Top of DATA FOR THIS EXERCISE

(* Let $G=(V,E;w)$ be a finite simple graph with positive edge weights. The matching game $\Gamma_G$ is population monotonic if and only if every connected component of $G$ with at least two vertices is a double-star whose two centers $u,v$ (for a suitable choice of the double-star decomposition) form a dominant pair.
   Context: $G=(V,E;w)$ is a finite simple graph with edge weights $w:E\to\mathbb{R}$, $w_e>0$ for all $e\in E$; $w_{ij}$ is the weight of edge $ij$. The matching game on $G$ is the cooperative game $\Gamma_G=(N,\gamma)$ with $N=V$ and $\gamma(S)$ the maximum weight of a matching in $G[S]$ ($\gamma(\emptyset)=0$). A population monotonic allocation scheme (PMAS) is a family $(\boldsymbol{x}_S)_{\emptyset\neq S\subseteq N}$, $\boldsymbol{x}_S=(x_{S,i})_{i\in S}\in\mathbb{R}^S$, with (efficiency) $\sum_{i\in S}x_{S,i}=\gamma(S)$ for all nonempty $S$ and (monotonicity) $x_{S,i}\le x_{T,i}$ whenever $\emptyset\ne S\subseteq T\subseteq N$, $i\in S$; $\Gamma_G$ is population monotonic if it admits a PMAS. A double-star is a graph whose vertex set is partitioned into a set $K=\{u,v\}$ of two adjacent vertices (the centers) and an independent set $I$, such that every vertex of $I$ is adjacent to at least one of $u,v$ (so all edges lie within $K$ or between $K$ and $I$; a star with at least one edge is a double-star, taking as centers the star's center and one leaf). Adjacent vertices $u,v$ form a dominant pair if $w_{uv}\ge w_{uu'}+w_{vv'}$ for all edges $uu'\ne uv$ and $vv'\ne uv$ (with $u'=v'$ allowed), and moreover, if one of them, say $v$, has no incident edge other than $uv$, then $w_{uv}\ge w_{uu'}$ for every edge $uu'\ne uv$; equivalently, $w_{uv}\ge\sigma_u+\sigma_v$ where $\sigma_u$ (resp. $\sigma_v$) is the maximum weight of an edge other than $uv$ incident to $u$ (resp. $v$), or $0$ if none exists. *)

From mathcomp Require Import all_boot all_order all_algebra.
Set Implicit Arguments. Unset Strict Implicit. Unset Printing Implicit Defensive.
Import Order.TTheory GRing.Theory Num.Theory.
Local Open Scope ring_scope.

(* A graph on the finite vertex type T is given by an adjacency relation e
   (assumed symmetric and irreflexive in the theorem), and edge weights by
   w : T -> T -> R (only the values w x y with e x y matter; w x y is the
   weight of the edge xy). *)

Section Matching.
Variables (R : realFieldType) (T : finType) (e : rel T) (w : T -> T -> R).

(* A matching of G[S], given as a set M of oriented pairs (x,y), each one an
   edge xy of G with both ends in S, such that distinct pairs of M have
   disjoint sets of endpoints (so each edge appears in at most one
   orientation and each vertex is covered at most once). *)
Definition is_matching (S : {set T}) (M : {set T * T}) : bool :=
  [forall p in M, [&& e p.1 p.2, p.1 \in S & p.2 \in S]] &&
  [forall p in M, forall q in M,
     (p != q) ==> [disjoint [set p.1; p.2] & [set q.1; q.2]]].

Definition matching_weight (M : {set T * T}) : R :=
  \sum_(p in M) w p.1 p.2.

(* gamma(S): maximum weight of a matching in G[S] (the empty matching has
   weight 0, so 0 is a valid neutral element). *)
Definition gamma (S : {set T}) : R :=
  \big[Num.max/0]_(M : {set T * T} | is_matching S M) matching_weight M.

Definition is_PMAS (x : {set T} -> T -> R) : Prop :=
  (forall S : {set T}, S != set0 -> \sum_(i in S) x S i = gamma S) /\
  (forall (S U : {set T}) (i : T), S \subset U -> i \in S -> x S i <= x U i).

Definition population_monotonic : Prop := exists x, is_PMAS x.

Definition component (a : T) : {set T} := [set b | connect e a b].

(* The vertex set C (a connected component) induces a double-star with
   centers u, v: u,v adjacent in C, every other vertex of C adjacent to
   u or v, and every edge inside C has an endpoint in {u,v} (so
   I = C \ {u,v} is independent). *)
Definition double_star_on (C : {set T}) (u v : T) : Prop :=
  [/\ u \in C, v \in C, e u v,
      (forall x, x \in C -> [|| x == u, x == v, e x u | e x v]) &
      (forall x y, x \in C -> y \in C -> e x y ->
         [|| x == u, x == v, y == u | y == v])].

Definition dominant_pair (u v : T) : Prop :=
  [/\ e u v,
      (forall u' v', e u u' -> u' != v -> e v v' -> v' != u ->
         w u u' + w v v' <= w u v),
      ((forall v', e v v' -> v' = u) -> forall u', e u u' -> w u u' <= w u v) &
      ((forall u', e u u' -> u' = v) -> forall v', e v v' -> w v v' <= w u v)].

End Matching.

From mathcomp Require Import all_boot all_order all_algebra.
From mathcomp Require Import lra.
From Stdlib Require Import ClassicalEpsilon.
Set Implicit Arguments. Unset Strict Implicit. Unset Printing Implicit Defensive.
Import Order.TTheory GRing.Theory Num.Theory.
Local Open Scope ring_scope.

(* Necessity.  Given a PMAS x and a connected component C with at least two
   vertices, pick an edge ab of maximum weight in C.  Comparing the
   allocations of the coalitions {a,b}, {a,b,z} and {a,z}, monotonicity and
   efficiency force x_{a,z}(z) = 0 and w(az) <= x_{a,b}(a) for every other
   neighbour z of a; the coalition {a,y,y'} then rules out any path a-y-y'
   leaving {a,b}.  Hence C is a double-star with centers a,b, and adding the
   two bounds w(az) <= x_{a,b}(a), w(bz') <= x_{a,b}(b) gives dominance.

   Sufficiency.  In each component choose dominant centers u,v and give
   u the amount w(uv) - sigma_v and v the amount sigma_v when both are
   present, a lone center the heaviest edge it has into the coalition, and
   every other vertex nothing.  This scheme is nonnegative and monotone; it
   covers every edge (so its total bounds gamma from above, by a matching
   argument) and on each component its total is the weight of a single edge
   (so, by superadditivity of gamma over components, it is bounded by gamma). *)

Lemma sum_setU_disjoint (R : nmodType) (I : finType) (A B : {set I}) (F : I -> R) :
  [disjoint A & B] -> \sum_(i in A :|: B) F i = \sum_(i in A) F i + \sum_(i in B) F i.
Proof. by move=> dAB; rewrite -bigU //; apply: eq_bigl => i; rewrite !inE. Qed.

Lemma mem_neq0 (I : finType) (A : {set I}) a : a \in A -> A != set0.
Proof. by move=> aA; apply/set0Pn; exists a. Qed.

Lemma sum_pair_support (R : nmodType) (I : finType) (A : {set I}) (F : I -> R) u v :
  u != v -> (forall j, j \in A -> j != u -> j != v -> F j = 0) ->
  \sum_(j in A) F j = (if u \in A then F u else 0) + (if v \in A then F v else 0).
Proof.
move=> uv F0; rewrite (bigID (mem [set u; v])) /= [X in _ + X]big1 => [|j /andP [jA]]; last first.
  by rewrite !inE => /norP [ju jv]; apply: F0.
rewrite addr0 (eq_bigl (fun j => (j \in [set u; v]) && (j \in A))) => [|j]; last by rewrite andbC.
by rewrite big_mkcondr big_setU1 ?inE //= big_set1.
Qed.

Section MatchingGame.
Variables (R : realFieldType) (T : finType) (e : rel T) (w : T -> T -> R).
Hypotheses (esym : symmetric e) (eirr : irreflexive e)
  (wsym : forall x y, e x y -> w x y = w y x)
  (wpos : forall x y, e x y -> 0 < w x y).

Local Notation gam := (gamma e w).

Lemma edge_neq a b : e a b -> a != b.
Proof. by apply: contraTneq => ->; rewrite eirr. Qed.

Lemma in_triple (a b c p : T) : p \in [set a; b; c] -> [\/ p = a, p = b | p = c].
Proof. by rewrite !inE => /orP [/orP [] | ] /eqP ->; constructor. Qed.

Lemma triple_edge a b c p q : e p q -> p \in [set a; b; c] -> q \in [set a; b; c] ->
  [\/ e a b /\ w p q = w a b, e a c /\ w p q = w a c | e b c /\ w p q = w b c].
Proof.
move=> epq /in_triple pin /in_triple qin.
case: pin epq => ->; case: qin => -> epq; rewrite ?eirr // in epq;
  first [ by [apply: Or31 | apply: Or32 | apply: Or33]
        | rewrite wsym //; rewrite esym in epq; by [apply: Or31 | apply: Or32 | apply: Or33]].
Qed.

Lemma pair_sub_triple (a b c p q : T) :
  p \in [set a; b; c] -> q \in [set a; b; c] -> [set p; q] \subset [set a; b; c].
Proof. by move=> pin qin; apply/subsetP => z /set2P [] ->. Qed.

Lemma matching_edge (S : {set T}) M p : is_matching e S M -> p \in M ->
  [&& e p.1 p.2, p.1 \in S & p.2 \in S].
Proof. by case/andP => /forallP h _ pM; move/implyP: (h p); apply. Qed.

Lemma matching_disjoint (S : {set T}) M p q : is_matching e S M -> p \in M -> q \in M ->
  p != q -> [disjoint [set p.1; p.2] & [set q.1; q.2]].
Proof.
case/andP => _ /forallP h pM qM.
by move/implyP: (h p) => /(_ pM) /forallP /(_ q) /implyP /(_ qM) /implyP.
Qed.

Lemma matching_shared_end (S : {set T}) M p q z : is_matching e S M -> p \in M -> q \in M ->
  z \in [set p.1; p.2] -> z \in [set q.1; q.2] -> p = q.
Proof.
move=> hM pM qM zp; apply: contraTeq => pq.
by rewrite (disjointFr (matching_disjoint hM pM qM pq) zp).
Qed.

Lemma matching_single (S : {set T}) a b : e a b -> a \in S -> b \in S ->
  is_matching e S [set (a, b)].
Proof.
move=> eab aS bS; apply/andP; split; apply/forallP => p; apply/implyP => /set1P -> /=.
  by rewrite eab aS bS.
by apply/forallP => q; apply/implyP => /set1P ->; rewrite eqxx.
Qed.

Lemma matching_sub (A B : {set T}) M : A \subset B -> is_matching e A M -> is_matching e B M.
Proof.
move=> sAB /andP [/forallP h1 h2]; apply/andP; split => //.
apply/forallP => p; apply/implyP => pM; move/implyP: (h1 p) => /(_ pM) /and3P [-> p1 p2].
by rewrite !(subsetP sAB).
Qed.

Lemma matching_union (A B : {set T}) MA MB : [disjoint A & B] ->
  is_matching e A MA -> is_matching e B MB -> is_matching e (A :|: B) (MA :|: MB).
Proof.
move=> dAB hA hB; apply/andP; split.
  apply/forallP => p; apply/implyP; rewrite inE => /orP [pM|pM].
    by case/and3P: (matching_edge hA pM) => -> p1 p2; rewrite !inE p1 p2.
  by case/and3P: (matching_edge hB pM) => -> p1 p2; rewrite !inE p1 p2 !orbT.
have ends_in S M p : is_matching e S M -> p \in M -> [set p.1; p.2] \subset S.
  by move=> hM pM; case/and3P: (matching_edge hM pM) => _ p1 p2; apply/subsetP => z /set2P [] ->.
apply/forallP => p; apply/implyP => pin; apply/forallP => q; apply/implyP => qin.
apply/implyP => pq; move: pin qin; rewrite !inE => /orP [pM|pM] /orP [qM|qM].
- exact: matching_disjoint hA pM qM pq.
- exact: disjointWl (ends_in _ _ _ hA pM) (disjointWr (ends_in _ _ _ hB qM) dAB).
- rewrite disjoint_sym.
  exact: disjointWl (ends_in _ _ _ hA qM) (disjointWr (ends_in _ _ _ hB pM) dAB).
- exact: matching_disjoint hB pM qM pq.
Qed.

Lemma matching_small (S : {set T}) M : (#|S| <= 3)%N -> is_matching e S M ->
  M = set0 \/ exists2 p, p \in M & M = [set p].
Proof.
move=> cS hM; case: (set_0Vmem M) => [->|[p pM]]; [by left | right; exists p => //].
apply/setP => q; rewrite inE; apply/idP/eqP => [qM|->//]; apply/eqP; apply/negPn/negP => qp.
case/and3P: (matching_edge hM pM) => ep p1 p2; case/and3P: (matching_edge hM qM) => eq q1 q2.
have sub : [set q.1; q.2] :|: [set p.1; p.2] \subset S.
  by apply/subsetP => z; rewrite !inE => /orP [/orP [] | /orP []] /eqP ->.
have := leq_trans (subset_leq_card sub) cS.
by rewrite cardsU (disjoint_setI0 (matching_disjoint hM qM pM qp)) cards0 subn0
  !cards2 (edge_neq ep) (edge_neq eq).
Qed.

Lemma matching_weight_small (S : {set T}) M : (#|S| <= 3)%N -> is_matching e S M ->
  matching_weight w M = 0 \/
  exists a b, [/\ e a b, a \in S, b \in S & matching_weight w M = w a b].
Proof.
move=> cS hM; case: (matching_small cS hM) => [->|[p pM ->]].
  by left; rewrite /matching_weight big_set0.
right; case/and3P: (matching_edge hM pM) => ep p1 p2.
by exists p.1, p.2; rewrite /matching_weight big_set1.
Qed.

Bottom of DATA FOR THIS EXERCISE

-- EXERCISE BRIEF --
Could you return exactly the stretch of the data above that starts at the line with "u or v, and" and ends at the line with "(forall x y, x", both lines included?

-- ANSWER TO THE EXERCISE --
   u or v, and every edge inside C has an endpoint in {u,v} (so
   I = C \ {u,v} is independent). *)
Definition double_star_on (C : {set T}) (u v : T) : Prop :=
  [/\ u \in C, v \in C, e u v,
      (forall x, x \in C -> [|| x == u, x == v, e x u | e x v]) &
      (forall x y, x \in C -> y \in C -> e x y ->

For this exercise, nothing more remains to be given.